**Exercise:**
Word for word, please restate the lines from the beginning of the data through the line in which "move=> cW cE" appears.

**Entries supplied:**
== == ==

Record stage_ok (x : X) (d : stage X) : Prop := StageOk {
  core_clopen : clopen T (core d);
  lwing_clopen : clopen T (lwing d);
  rwing_clopen : clopen T (rwing d);
  core_point : core d x;
  wings_cover : forall y, lwing d y \/ rwing d y <-> ~ core d y;
  wings_apart : apart d d }.

Lemma wing_not_core (x y : X) (d : stage X) : stage_ok x d ->
  lwing d y \/ rwing d y -> ~ core d y.
Proof. by move=> ok /(wings_cover _ _ ok y). Qed.

Record continues (x : X) (W : X -> Prop) {I : Type} (s : I -> stage X)
    (d : stage X) : Prop := Continues {
  continues_ok : stage_ok x d;
  core_inside : forall y, core d y -> W y;
  lwing_meets : exists y, lwing d y /\ W y;
  rwing_meets : exists y, rwing d y /\ W y;
  apart_history : forall i, apart d (s i) /\ apart (s i) d }.

Definition refined_stage (W E R R1 : X -> Prop) : stage X :=
  Stage (fun y => W y /\ ~ R y) (fun y => (~ W y /\ E y) \/ R1 y)
    (fun y => (~ W y /\ ~ E y) \/ (R y /\ ~ R1 y)).

Lemma refined_stage_ok (x : X) (W E R R1 : X -> Prop) :
  clopen T W -> clopen T E -> clopen T R -> clopen T R1 ->
  (forall u, R u -> W u) -> (forall u, R1 u -> R u) -> W x -> ~ R x ->
  stage_ok x (refined_stage W E R R1).
Proof.
move=> cW cE cR cR1 RW R1R Wx nRx; split=> /=.
- by apply: clopen_and => //; apply: clopen_compl.
- by apply: clopen_or => //; apply: clopen_and => //; apply: clopen_compl.
- by apply: clopen_or; apply: clopen_and => //; apply: clopen_compl.
- by split.
- move=> y; have := RW y; have := R1R y.
  by case: (classic (W y)); case: (classic (E y)); case: (classic (R y));
    case: (classic (R1 y)); tauto.
- by move=> y /=; have := RW y; have := R1R y; tauto.
Qed.

(* The
   earlier wings are separated by a clopen E (F_kappa); the earlier cores and
   W contain a non-empty open V (G_kappa), in which R1 <= R are chosen. *)
Lemma stage_step (x : X) (W : X -> Prop) (I : Type) (s : I -> stage X) :
  card_lt I K -> (forall i, stage_ok x (s i)) -> (forall i j, apart (s i) (s j)) ->
  clopen T W -> W x -> exists d, continues x W s d.
Proof.
move=> smallI ok apart_s cW Wx.
have [E [cE [lwingE rwingE]]] := clopen_separation I (fun i => lwing (s i))
  (fun i => rwing (s i)) smallI (fun i => lwing_clopen _ _ (ok i))
  (fun i => rwing_clopen _ _ (ok i)) apart_s.
have [V [TV [[v Vv] Vinside]]] := small_intersection_interior I
  (fun i => core (s i)) W x smallI
  (fun i => conj (proj1 (core_clopen _ _ (ok i))) (core_point _ _ (ok i))) (proj1 cW) Wx.
have [R [R1 [y [z [cR [cR1 [RV [nRx [R1R [R1y [Rz nR1z]]]]]]]]]]] :=
  clopen_split_off V v x TV Vv.
have RW u : R u -> W u by move=> /RV /Vinside [].
have Rcore u i : R u -> core (s i) u by move=> /RV /Vinside [_]; apply.
exists (refined_stage W E R R1); split.
- exact: refined_stage_ok.
- by move=> u [].
- by exists y; split; [right | apply/RW/R1R].
- by exists z; split; [right; split | apply: RW].
- move=> i; split=> u /=.
  + case=> [[[_ Eu]|R1u] ru]; first exact: rwingE ru Eu.
    by apply: (wing_not_core _ _ _ (ok i) (or_intror ru)); apply/Rcore/R1R.
  + case=> [lu [[_ nEu]|[Ru _]]]; first exact: nEu (lwingE i u lu).
    by apply: (wing_not_core _ _ _ (ok i) (or_introl lu)); apply: Rcore.
Qed.

Lemma stages_apart (A : Type) (x : X) (N : A -> X -> Prop) (lt : A -> A -> Prop)
  (f : A -> stage X) (S : A -> Prop) : (forall a b, lt a b \/ a = b \/ lt b a) ->
  (forall a, S a -> continues x (N a) (fun i : {b | lt b a} => f (proj1_sig i)) (f a)) ->
  forall c d, S c -> S d -> apart (f c) (f d).
Proof.
move=> tri cont c d Sc Sd; case: (tri c d) => [cd|[<-|dc]].
- by case: (apart_history _ _ _ _ (cont d Sd) (exist _ c cd)).
- exact: wings_apart _ _ (continues_ok _ _ _ _ (cont c Sc)).
- by case: (apart_history _ _ _ _ (cont c Sc) (exist _ d dc)).
Qed.

Lemma butterfly_from_stages (A : Type) (x : X) (N : A -> X -> Prop)
  (f : A -> stage X) :
  (forall U, T U -> U x -> exists a, forall y, N a y -> U y) ->
  (forall a, stage_ok x (f a)) -> (forall c d, apart (f c) (f d)) ->
  (forall a y, core (f a) y -> N a y) ->
  (forall a, exists y, lwing (f a) y /\ N a y) ->
  (forall a, exists y, rwing (f a) y /\ N a y) ->
  strong_butterfly_point T x.
Proof.
move=> Nbase ok apart_f inside lmeets rmeets.
pose Left y := exists a, lwing (f a) y.
pose Right y := exists a, rwing (f a) y.
have TLeft : T Left.
  apply: open_local => y [a la]; exists (lwing (f a)).
  by split; [case: (lwing_clopen _ _ (ok a)) | split=> // w lw; exists a].
have TRight : T Right.
  apply: open_local => y [a ra]; exists (rwing (f a)).
  by split; [case: (rwing_clopen _ _ (ok a)) | split=> // w rw; exists a].
have disjoint y : ~ (Left y /\ Right y).
  by case=> -[c lc] [d rd]; apply: (apart_f c d y).
have cover y : Left y \/ Right y <-> y <> x.
  split=> [wing_y yx|yx].
    subst y; case: wing_y => [[a wa]|[a wa]].
    - by apply: (wing_not_core _ _ _ (ok a) (or_introl wa)); apply: core_point.
    - by apply: (wing_not_core _ _ _ (ok a) (or_intror wa)); apply: core_point.
  have [C [cC [Cx [_ nCy]]]] :=
    clopen_nbhd_avoiding x y (fun _ => True) (not_eq_sym yx) (proj1 htop) I.
  have [a NaC] := Nbase C (proj1 cC) Cx.
  have ncore : ~ core (f a) y by move=> /inside /NaC.
  by case/(wings_cover _ _ (ok a)): ncore => [la|ra]; [left|right]; exists a.
exists Left, Right; do 3 (split=> //); split=> // y.
split=> [[cLeft cRight]|->].
  apply: NNPP => /(proj2 (cover y)) [Ly|Ry].
  - by have [w [Rw Lw]] := cRight Left TLeft Ly; apply: (disjoint w).
  - by have [w [Lw Rw]] := cLeft Right TRight Ry; apply: (disjoint w).
split=> U TU Ux; have [a NaU] := Nbase U TU Ux.
- by have [w [lw Naw]] := lmeets a; exists w; split; [apply: NaU | exists a].
- by have [w [rw Naw]] := rmeets a; exists w; split; [apply: NaU | exists a].
Qed.

End Parovicenko.
End Topology.

Theorem lemma4p1 (K : Type) (hinf : infinite_card K) (hK : kappa_lt_kappa_eq K)
  (X : Type) (T : (X -> Prop) -> Prop) (htop : is_topology T)
  (hP : kappa_Parovicenko T K) (hw : has_weight T K) :
  forall x : X, strong_butterfly_point T x.
Proof.
move=> x; case: hP => [hc [hH [hz [hF [hG hni]]]]].
have [[b bbase] _] := hw.
have [N [Nclopen Nbase]] := clopen_local_base X T htop hz K b x bbase.
have [lt [wf [tri small]]] := initial_well_order K.
pose history_ok a (h : forall c, lt c a -> stage X) d :=
  continues X T x (N a) (fun i : {c | lt c a} => h (proj1_sig i) (proj2_sig i)) d.
have [|f f_ok] := transfinite_choice lt wf (Stage (fun _ => True) (fun _ => True)
    (fun _ => True)) history_ok.
  move=> a f IH; case: (Nclopen a) => cNa Nax.
  apply: (stage_step X T htop K hc hH hz hF hG hni x (N a) _ _ (small a)) => //.
  - by move=> i; apply: (continues_ok _ _ _ _ _ _ (IH _ (proj2_sig i))).
  - move=> i j; apply: (stages_apart X T _ x N lt f (fun c => lt c a)) => //.
    + exact: proj2_sig i.
    + exact: proj2_sig j.
have apart_f := stages_apart X T _ x N lt f (fun _ => True) tri (fun a _ => f_ok a).
apply: (butterfly_from_stages X T htop hH hz _ x N f Nbase).
- by move=> a; apply: (continues_ok _ _ _ _ _ _ (f_ok a)).
- by move=> c d; apply: apart_f.
- by move=> a; apply: (core_inside _ _ _ _ _ _ (f_ok a)).
- by move=> a; apply: (lwing_meets _ _ _ _ _ _ (f_ok a)).
- by move=> a; apply: (rwing_meets _ _ _ _ _ _ (f_ok a)).
Qed.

== == ==

**Solution for this task:**
Record stage_ok (x : X) (d : stage X) : Prop := StageOk {
  core_clopen : clopen T (core d);
  lwing_clopen : clopen T (lwing d);
  rwing_clopen : clopen T (rwing d);
  core_point : core d x;
  wings_cover : forall y, lwing d y \/ rwing d y <-> ~ core d y;
  wings_apart : apart d d }.

Lemma wing_not_core (x y : X) (d : stage X) : stage_ok x d ->
  lwing d y \/ rwing d y -> ~ core d y.
Proof. by move=> ok /(wings_cover _ _ ok y). Qed.

Record continues (x : X) (W : X -> Prop) {I : Type} (s : I -> stage X)
    (d : stage X) : Prop := Continues {
  continues_ok : stage_ok x d;
  core_inside : forall y, core d y -> W y;
  lwing_meets : exists y, lwing d y /\ W y;
  rwing_meets : exists y, rwing d y /\ W y;
  apart_history : forall i, apart d (s i) /\ apart (s i) d }.

Definition refined_stage (W E R R1 : X -> Prop) : stage X :=
  Stage (fun y => W y /\ ~ R y) (fun y => (~ W y /\ E y) \/ R1 y)
    (fun y => (~ W y /\ ~ E y) \/ (R y /\ ~ R1 y)).

Lemma refined_stage_ok (x : X) (W E R R1 : X -> Prop) :
  clopen T W -> clopen T E -> clopen T R -> clopen T R1 ->
  (forall u, R u -> W u) -> (forall u, R1 u -> R u) -> W x -> ~ R x ->
  stage_ok x (refined_stage W E R R1).
Proof.
move=> cW cE cR cR1 RW R1R Wx nRx; split=> /=.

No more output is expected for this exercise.